■ **Exercise objective**
Among the lines of data below, reproduce only those from the one with "(forall y, count" through the one with "Theorem corollary4p23 (X", exactly as they stand, both ends included.

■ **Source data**
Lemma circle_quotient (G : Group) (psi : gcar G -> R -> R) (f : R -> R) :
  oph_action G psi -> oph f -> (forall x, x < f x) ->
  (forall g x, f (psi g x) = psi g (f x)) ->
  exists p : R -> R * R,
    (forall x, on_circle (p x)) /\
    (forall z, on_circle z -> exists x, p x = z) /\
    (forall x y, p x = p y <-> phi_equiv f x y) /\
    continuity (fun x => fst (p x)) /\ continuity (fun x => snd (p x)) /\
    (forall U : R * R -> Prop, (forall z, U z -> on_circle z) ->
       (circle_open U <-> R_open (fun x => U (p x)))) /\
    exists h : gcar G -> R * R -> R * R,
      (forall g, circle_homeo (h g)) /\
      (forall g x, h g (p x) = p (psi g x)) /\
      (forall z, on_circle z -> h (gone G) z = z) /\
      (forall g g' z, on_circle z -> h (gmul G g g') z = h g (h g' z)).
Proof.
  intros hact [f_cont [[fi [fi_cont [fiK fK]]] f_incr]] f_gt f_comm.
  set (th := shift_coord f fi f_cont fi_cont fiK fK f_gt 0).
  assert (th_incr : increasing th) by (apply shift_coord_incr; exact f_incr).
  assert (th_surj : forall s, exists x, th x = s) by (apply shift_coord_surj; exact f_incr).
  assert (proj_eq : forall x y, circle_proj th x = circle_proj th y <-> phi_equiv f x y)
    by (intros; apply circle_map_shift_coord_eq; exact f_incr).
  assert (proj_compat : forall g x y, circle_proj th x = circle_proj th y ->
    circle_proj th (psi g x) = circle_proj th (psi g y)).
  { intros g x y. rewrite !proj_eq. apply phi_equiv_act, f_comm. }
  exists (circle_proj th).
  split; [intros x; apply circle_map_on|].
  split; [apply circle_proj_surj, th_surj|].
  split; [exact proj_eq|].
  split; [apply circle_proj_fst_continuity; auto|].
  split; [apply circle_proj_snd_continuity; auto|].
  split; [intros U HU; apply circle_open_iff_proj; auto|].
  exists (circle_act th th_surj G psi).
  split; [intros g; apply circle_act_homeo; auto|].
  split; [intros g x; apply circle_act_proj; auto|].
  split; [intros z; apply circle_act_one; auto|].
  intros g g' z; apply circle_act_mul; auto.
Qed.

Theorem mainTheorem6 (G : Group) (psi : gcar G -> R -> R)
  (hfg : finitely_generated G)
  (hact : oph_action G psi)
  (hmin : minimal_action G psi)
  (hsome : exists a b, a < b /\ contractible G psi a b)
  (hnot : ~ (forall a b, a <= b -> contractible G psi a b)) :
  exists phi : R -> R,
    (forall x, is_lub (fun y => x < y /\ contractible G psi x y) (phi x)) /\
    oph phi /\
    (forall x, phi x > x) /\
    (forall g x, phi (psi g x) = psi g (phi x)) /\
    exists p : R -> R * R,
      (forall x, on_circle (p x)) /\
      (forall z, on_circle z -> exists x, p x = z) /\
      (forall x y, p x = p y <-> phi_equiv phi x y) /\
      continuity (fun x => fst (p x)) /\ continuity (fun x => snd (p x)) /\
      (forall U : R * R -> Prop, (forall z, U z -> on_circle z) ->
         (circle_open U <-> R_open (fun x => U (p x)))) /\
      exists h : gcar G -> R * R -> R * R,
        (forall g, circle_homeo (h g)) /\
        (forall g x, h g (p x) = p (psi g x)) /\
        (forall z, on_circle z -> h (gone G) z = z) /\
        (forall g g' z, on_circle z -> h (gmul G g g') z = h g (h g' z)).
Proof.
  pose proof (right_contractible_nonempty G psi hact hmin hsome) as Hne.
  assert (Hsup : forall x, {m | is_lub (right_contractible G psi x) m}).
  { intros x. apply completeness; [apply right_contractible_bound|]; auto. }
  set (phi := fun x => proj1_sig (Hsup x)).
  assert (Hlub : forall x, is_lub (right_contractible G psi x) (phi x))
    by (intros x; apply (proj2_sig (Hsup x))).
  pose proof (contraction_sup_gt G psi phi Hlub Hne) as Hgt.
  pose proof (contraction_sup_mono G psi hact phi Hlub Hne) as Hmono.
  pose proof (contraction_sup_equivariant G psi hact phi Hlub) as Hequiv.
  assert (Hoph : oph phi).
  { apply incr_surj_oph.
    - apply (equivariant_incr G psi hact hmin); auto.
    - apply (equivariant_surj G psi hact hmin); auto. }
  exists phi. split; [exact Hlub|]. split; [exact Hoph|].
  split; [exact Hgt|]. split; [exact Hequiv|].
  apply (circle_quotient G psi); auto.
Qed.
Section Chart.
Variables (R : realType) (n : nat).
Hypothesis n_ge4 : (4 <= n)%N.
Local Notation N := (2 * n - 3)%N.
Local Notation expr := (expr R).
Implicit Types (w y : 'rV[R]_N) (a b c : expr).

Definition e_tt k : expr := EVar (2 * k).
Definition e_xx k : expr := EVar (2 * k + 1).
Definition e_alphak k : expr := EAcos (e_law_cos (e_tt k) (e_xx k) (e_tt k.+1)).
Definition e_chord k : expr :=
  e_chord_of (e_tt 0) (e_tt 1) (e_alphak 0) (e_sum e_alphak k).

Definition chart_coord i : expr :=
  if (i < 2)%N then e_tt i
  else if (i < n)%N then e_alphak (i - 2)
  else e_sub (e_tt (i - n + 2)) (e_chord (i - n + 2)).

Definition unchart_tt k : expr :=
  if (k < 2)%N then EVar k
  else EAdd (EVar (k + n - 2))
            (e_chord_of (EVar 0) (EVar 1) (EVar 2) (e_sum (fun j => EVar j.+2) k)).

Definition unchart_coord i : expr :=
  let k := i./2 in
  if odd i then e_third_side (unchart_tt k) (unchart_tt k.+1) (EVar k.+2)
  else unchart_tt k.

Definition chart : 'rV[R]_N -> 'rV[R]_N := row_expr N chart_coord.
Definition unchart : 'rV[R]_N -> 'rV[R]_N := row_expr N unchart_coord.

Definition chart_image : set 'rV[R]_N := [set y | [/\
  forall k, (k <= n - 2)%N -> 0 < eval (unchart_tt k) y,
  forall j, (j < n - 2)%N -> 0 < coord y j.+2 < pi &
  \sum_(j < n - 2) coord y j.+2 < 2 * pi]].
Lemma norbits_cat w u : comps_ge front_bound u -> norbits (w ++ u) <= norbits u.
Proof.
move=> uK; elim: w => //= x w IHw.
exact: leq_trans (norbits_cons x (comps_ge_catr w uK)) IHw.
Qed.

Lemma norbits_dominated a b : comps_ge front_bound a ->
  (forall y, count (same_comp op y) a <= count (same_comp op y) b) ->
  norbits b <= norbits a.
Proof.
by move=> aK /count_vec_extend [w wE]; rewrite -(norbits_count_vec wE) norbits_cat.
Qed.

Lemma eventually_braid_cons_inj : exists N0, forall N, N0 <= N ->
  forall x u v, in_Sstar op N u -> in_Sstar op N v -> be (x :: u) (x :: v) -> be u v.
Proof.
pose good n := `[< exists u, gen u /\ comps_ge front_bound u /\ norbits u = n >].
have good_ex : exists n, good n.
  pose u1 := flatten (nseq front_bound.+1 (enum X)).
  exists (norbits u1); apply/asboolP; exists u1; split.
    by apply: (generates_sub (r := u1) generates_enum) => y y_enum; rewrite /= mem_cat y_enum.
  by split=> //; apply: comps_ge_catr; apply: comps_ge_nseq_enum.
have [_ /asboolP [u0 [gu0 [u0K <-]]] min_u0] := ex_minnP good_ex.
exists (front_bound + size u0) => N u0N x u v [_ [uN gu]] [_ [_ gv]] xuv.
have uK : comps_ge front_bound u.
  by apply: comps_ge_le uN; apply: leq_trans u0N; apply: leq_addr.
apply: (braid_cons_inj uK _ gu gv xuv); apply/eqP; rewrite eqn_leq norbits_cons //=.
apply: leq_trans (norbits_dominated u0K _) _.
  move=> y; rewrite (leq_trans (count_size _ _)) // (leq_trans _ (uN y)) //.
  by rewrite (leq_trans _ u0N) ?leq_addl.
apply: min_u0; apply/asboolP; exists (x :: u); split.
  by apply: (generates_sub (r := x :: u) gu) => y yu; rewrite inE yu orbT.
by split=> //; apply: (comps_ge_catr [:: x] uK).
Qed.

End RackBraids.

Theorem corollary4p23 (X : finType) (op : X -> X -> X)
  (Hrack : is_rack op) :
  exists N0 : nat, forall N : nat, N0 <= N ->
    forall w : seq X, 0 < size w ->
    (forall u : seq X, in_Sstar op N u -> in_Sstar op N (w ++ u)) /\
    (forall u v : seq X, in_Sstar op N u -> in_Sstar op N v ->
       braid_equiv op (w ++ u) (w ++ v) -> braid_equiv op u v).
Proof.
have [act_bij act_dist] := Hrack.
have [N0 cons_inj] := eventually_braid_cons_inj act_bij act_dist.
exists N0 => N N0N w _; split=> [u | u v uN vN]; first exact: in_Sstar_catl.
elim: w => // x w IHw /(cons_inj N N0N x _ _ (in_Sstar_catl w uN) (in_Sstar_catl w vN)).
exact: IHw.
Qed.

■ **Answer space**
  (forall y, count (same_comp op y) a <= count (same_comp op y) b) ->
  norbits b <= norbits a.
Proof.
by move=> aK /count_vec_extend [w wE]; rewrite -(norbits_count_vec wE) norbits_cat.
Qed.

Lemma eventually_braid_cons_inj : exists N0, forall N, N0 <= N ->
  forall x u v, in_Sstar op N u -> in_Sstar op N v -> be (x :: u) (x :: v) -> be u v.
Proof.
pose good n := `[< exists u, gen u /\ comps_ge front_bound u /\ norbits u = n >].
have good_ex : exists n, good n.
  pose u1 := flatten (nseq front_bound.+1 (enum X)).
  exists (norbits u1); apply/asboolP; exists u1; split.
    by apply: (generates_sub (r := u1) generates_enum) => y y_enum; rewrite /= mem_cat y_enum.
  by split=> //; apply: comps_ge_catr; apply: comps_ge_nseq_enum.
have [_ /asboolP [u0 [gu0 [u0K <-]]] min_u0] := ex_minnP good_ex.
exists (front_bound + size u0) => N u0N x u v [_ [uN gu]] [_ [_ gv]] xuv.
have uK : comps_ge front_bound u.
  by apply: comps_ge_le uN; apply: leq_trans u0N; apply: leq_addr.
apply: (braid_cons_inj uK _ gu gv xuv); apply/eqP; rewrite eqn_leq norbits_cons //=.
apply: leq_trans (norbits_dominated u0K _) _.
  move=> y; rewrite (leq_trans (count_size _ _)) // (leq_trans _ (uN y)) //.
  by rewrite (leq_trans _ u0N) ?leq_addl.
apply: min_u0; apply/asboolP; exists (x :: u); split.
  by apply: (generates_sub (r := x :: u) gu) => y yu; rewrite inE yu orbT.
by split=> //; apply: (comps_ge_catr [:: x] uK).
Qed.

End RackBraids.

Theorem corollary4p23 (X : finType) (op : X -> X -> X)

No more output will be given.